Chapitre 1 : À LA CROISÉE DE LA PÉDAGOGIE, DE LA

3. ADOPTER LE REGARD DE L’ETHNOGRAPHE GEORGES-HENRI LUQUET ET DU PSYCHOLOGUE

3.3. L’histoire figurée chez Pierre Janet et la narration graphique dans le dessin

Pierre Janet raconte sa vision du tableau Exode des Totomihuagas, au musée de Mexico, œuvre datant de l’invasion du Mexique par Fernand Cortez à l’époque de la civilisation aztèque (Civilisation Nahoa. Époque postcortésienne). Il a demandé de plus amples renseignements au directeur du musée à ce sujet et fait quelques commentaires sur celle-ci. Elle est reproduite en noir et blanc, dans son ouvrage, L’évolution de la mémoire et la notion du temps143, avec cette légende :

Cette composition représente l’exode de la tribu des Totomihuacas qui émigrèrent de Chocomostoc (Les sept grottes). Dans la partie supérieure gauche on voit sept grottes et sept indiens qui s’apprêtent à en sortir.

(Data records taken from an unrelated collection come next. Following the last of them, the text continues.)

Lemma Lfun_exprn_mmt_gen_fun (Y : {RV P >-> R}) (s : R) : 0 < s ->
  'M_P Y s \is a fin_num -> 'M_P Y (- s) \is a fin_num ->
  forall m, (fun w => Y w ^+ m) \in Lfun P 1.
Proof.
move=> s0 /Lfun_mmt_gen_fun Ls /Lfun_mmt_gen_fun Lns m.
pose C := m`!%:R / s ^+ m.
have iB : P.-integrable setT
    (EFin \o (C \o* ((fun w => expR (Y w * s)) \+ (fun w => expR (Y w * - s))))).
  exact/Lfun1_integrable/Lfun_scale/rpredD.
apply/Lfun1_integrable; apply: le_integrable iB => //.
  by apply/measurable_EFinP; exact: measurable_funX.
move=> w _; rewrite /comp !abse_EFin lee_fin /= mulrC.
by apply: le_trans (normrX_le_expR _ m s0) _; exact: ler_norm.
Qed.

Lemma ge0_integral_same_distribution (Y Z : {RV P >-> R}) (f : R -> \bar R) :
  same_distribution Y Z -> measurable_fun setT f -> (forall y, (0 <= f y)%E) ->
  (\int[P]_w f (Z w) = \int[P]_w f (Y w))%E.
Proof.
move=> YZ mf f0.
rewrite -[LHS](ge0_integral_distribution Z mf f0) -[RHS](ge0_integral_distribution Y mf f0).
by apply: eq_measure_integral => A mA _; exact: YZ.
Qed.

Lemma Lfun_same_distribution (Y Z : {RV P >-> R}) (h : R -> R) :
  same_distribution Y Z -> measurable_fun setT h ->
  (fun w => h (Y w)) \in Lfun P 1 -> (fun w => h (Z w)) \in Lfun P 1.
Proof.
move=> YZ mh /Lfun1_abs_lty hY; apply/Lfun1_integrable/integrableP; split.
  by apply/measurable_EFinP; exact: measurableT_comp.
under eq_integral do rewrite /comp abse_EFin.
rewrite (@ge0_integral_same_distribution Y Z (fun y => `|h y|%:E)) //.
by apply/measurable_EFinP; apply: measurableT_comp => //; exact: normr_measurable.
Qed.

Lemma expectation_same_distribution (Y Z : {RV P >-> R}) (h : R -> R) :
  same_distribution Y Z -> measurable_fun setT h ->
  ('E_P[fun w => h (Z w)] = 'E_P[fun w => h (Y w)])%E.
Proof.
move=> YZ mh; rewrite !expectation.unlock integralE [RHS]integralE !funerpos !funerneg.
congr (_ - _)%E.
- apply: (@ge0_integral_same_distribution Y Z (fun y => (h^\+ y)%:E)) => // [|y].
    by apply/measurable_EFinP; exact: measurable_funrpos.
  by rewrite lee_fin funrpos_ge0.
- apply: (@ge0_integral_same_distribution Y Z (fun y => (h^\- y)%:E)) => // [|y].
    by apply/measurable_EFinP; exact: measurable_funrneg.
  by rewrite lee_fin funrneg_ge0.
Qed.

End moments.

Lemma fine_prod (R : numDomainType) (I : Type) (s : seq I) (f : I -> \bar R) :
  (forall i, f i \is a fin_num) -> fine (\prod_(i <- s) f i)%E = \prod_(i <- s) fine (f i).
Proof.
move=> ff; elim: s => [|x s IH]; first by rewrite !big_nil.
by rewrite !big_cons fineM ?IH //; exact: prode_fin_num.
Qed.

Section expectation_linear.
Context d (T : measurableType d) (R : realType) (P : probability T R).

Lemma fine_expectation_sum (I : eqType) (s : seq I) (F : I -> T -> R) :
  (forall i, F i \in Lfun P 1) ->
  fine 'E_P[fun w => \sum_(i <- s) F i w] = \sum_(i <- s) fine 'E_P[F i].
Proof.
move=> LF; rewrite -fct_sumE -(big_map F xpredT id) expectation_sum.
  by rewrite big_map sum_fine // => i _; exact/expectation_fin_num.
by move=> _ /mapP[i _ ->].
Qed.

Lemma Lfun_scalel (a : R) (f : T -> R) : f \in Lfun P 1 -> (fun w => a * f w) \in Lfun P 1.
Proof. by move=> Lf; rewrite (_ : (fun w => a * f w) = a *: f) // rpredZ. Qed.

Lemma fine_expectationZl (a : R) (f : T -> R) : f \in Lfun P 1 ->
  fine 'E_P[fun w => a * f w] = a * fine 'E_P[f].
Proof.
move=> Lf; rewrite (_ : (fun w => _) = a \o* f); last first.
  by apply/funext => w; rewrite /= mulrC.
by rewrite expectationZl // fineM // expectation_fin_num.
Qed.

End expectation_linear.

Section partial_sum_moments.
Context d (T : measurableType d) (R : realType) (P : probability T R).
Variable X : nat -> {RV P >-> R}.
Hypothesis indX : mutually_independent X.
Hypothesis LX : forall j m, (fun w => X j w ^+ m) \in Lfun P 1.

Definition monomial (c : nat -> nat) (i : nat) (w : T) : R := \prod_(j < i) X j w ^+ c j.

Lemma partial_sumX_expand i m w :
  partial_sum X i w ^+ m =
  \sum_(f : {ffun 'I_m -> 'I_i}) monomial (fun j => #|[pred l | val (f l) == j]|) i w.
Proof.
rewrite /partial_sum -[in LHS](card_ord m) -prodr_const bigA_distr_bigA.
apply: eq_bigr => f _; rewrite (partition_big f xpredT) //=.
apply: eq_bigr => j _; rewrite (eq_bigr (fun=> X j w)) => [|l /eqP -> //].
by rewrite prodr_const.
Qed.

Lemma monomialE c i : monomial c i = fun w => \prod_(j <- iota 0 i) X j w ^+ c j.
Proof.
apply/funext => w.
by rewrite /monomial -(big_mkord xpredT (fun j => X j w ^+ c j)) /index_iota subn0.
Qed.

Lemma Lfun_monomial c i : monomial c i \in Lfun P 1.
Proof.
rewrite monomialE; apply: (Lfun_prod_indep indX (g := fun j y => y ^+ c j)) => //.
exact: iota_uniq.
Qed.

Lemma fine_expectation_monomial c i :
  fine 'E_P[monomial c i] = \prod_(j < i) fine 'E_P[fun w => X j w ^+ c j].
Proof.
rewrite monomialE (expectation_prod_indep indX (g := fun j y => y ^+ c j)) //; last first.
  exact: iota_uniq.
rewrite fine_prod => [|j]; last exact/expectation_fin_num.
by rewrite -(big_mkord xpredT (fun j => fine 'E_P[fun w => X j w ^+ c j])) /index_iota subn0.
Qed.

Lemma monomial_mulX c i k w :
  monomial c i w * X i w ^+ k = monomial [eta c with i |-> k] i.+1 w.
Proof.
rewrite /monomial big_ord_recr /= eqxx; congr (_ * _); apply: eq_bigr => j _ /=.
by rewrite ifN // neq_ltn ltn_ord.
Qed.

Lemma Lfun_monomial_mulX c i k : (fun w => monomial c i w * X i w ^+ k) \in Lfun P 1.
Proof. by under eq_fun do rewrite monomial_mulX; exact: Lfun_monomial. Qed.

Lemma fine_expectation_monomial_mulX c i k :
  fine 'E_P[fun w => monomial c i w * X i w ^+ k] =
  fine 'E_P[monomial c i] * fine 'E_P[fun w => X i w ^+ k].
Proof.
under eq_fun do rewrite monomial_mulX.
rewrite !fine_expectation_monomial big_ord_recr /= eqxx; congr (_ * _).
by apply: eq_bigr => j _ /=; rewrite ifN // neq_ltn ltn_ord.
Qed.

Lemma partial_sumX_mulE i m k :
  (fun w => partial_sum X i w ^+ m * X i w ^+ k) =
  \sum_(f : {ffun 'I_m -> 'I_i})
    (fun w => monomial (fun j => #|[pred l | val (f l) == j]|) i w * X i w ^+ k).
Proof. by rewrite fct_sumE; apply/funext => w; rewrite partial_sumX_expand mulr_suml. Qed.

Lemma Lfun_partial_sumX_mul i m k :
  (fun w => partial_sum X i w ^+ m * X i w ^+ k) \in Lfun P 1.
Proof.
by rewrite partial_sumX_mulE rpred_sum // => f _; exact: Lfun_monomial_mulX.
Qed.

Lemma fine_expectation_partial_sumX_mul i m k :
  fine 'E_P[fun w => partial_sum X i w ^+ m * X i w ^+ k] =
  fine 'E_P[fun w => partial_sum X i w ^+ m] * fine 'E_P[fun w => X i w ^+ k].
Proof.
rewrite partial_sumX_mulE fct_sumE fine_expectation_sum => [|f]; last exact: Lfun_monomial_mulX.
under eq_bigr do rewrite fine_expectation_monomial_mulX.
rewrite -mulr_suml; congr (_ * _).
rewrite -fine_expectation_sum => [|f]; last exact: Lfun_monomial.
by congr (fine 'E_P[_]); apply/funext => w; rewrite partial_sumX_expand.
Qed.

End partial_sum_moments.

Section formal_power_series.
Variable R : comNzRingType.

Lemma fps_exp_coef (a : nat -> R) (n k m : nat) : (m <= n)%N ->
  fps_exp a k m = ((\poly_(i < n.+1) a i) ^+ k)`_m.
Proof.
elim: k m => [|k IH] m mn; first by rewrite expr0 coef1.
rewrite exprS coefM; apply: eq_bigr => -[j /= jm] _.
have jn : (j < n.+1)%N by lia.
by rewrite coef_poly jn -IH // (leq_trans (leq_subr _ _) mn).
Qed.

Lemma coef_exprn_eq0 (q : {poly R}) (k m : nat) : q`_0 = 0 -> (m < k)%N ->
  (q ^+ k)`_m = 0.
Proof.
move=> q0 mk; have qX : q = drop_poly 1 q * 'X^1.
  rewrite -[LHS](poly_take_drop 1) [take_poly 1 q](_ : _ = 0) ?add0r //.
  by apply/polyP => i; rewrite coef_take_poly coef0; case: i.
by rewrite qX exprMn -exprM mul1n coefMXn mk.
Qed.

Un seul y parvient, c’est celui qui tient un oiseau posé sur une flèche. Au centre, on remarque deux volcans qui semblent être le Popocatépetl et l’Ixtaccihuatl. Les émigrants viennent du Couchant et après de nombreuses pérégrinations, ils se dirigent vers l’Orient et arrivent à un endroit qui peut être Cholula, ils en repartent de nouveau vers l’Orient en laissant des tribus à Tepenca et à Cuauhtinchan. (L’original de ce document est conservé à Cuauhtinchan, Puebla, Mexique).

Il ne précise pas les matériaux utilisés pour le support et le dessin. Ce qui frappe le psychologue c’est l’erreur qu’il a commise dans un premier temps en considérant ce tableau comme une carte géographique. Elle représente une route avec des éléments épars qui rappellent l’idée que l’adulte européen a de la carte ancienne des XIVe

et XVe siècles, les montagnes Popocatépetl et l’Ixtaccihuatl que l’on voit de Mexico sont représentées ainsi que des marécages et cours d’eau. Mais des points étranges sont aussi figurés : des animaux, des hommes qui relèveraient de la peinture anecdotique. En réalité,

le tableau est une narration du voyage d’une tribu. […] Ce que nous avions pris pour une carte géographique est une histoire. […] La route avec les pas est une représentation de la marche, et les deux côtés de la route où nous avions vu tant de choses sont des récits de ce qui s’est passé.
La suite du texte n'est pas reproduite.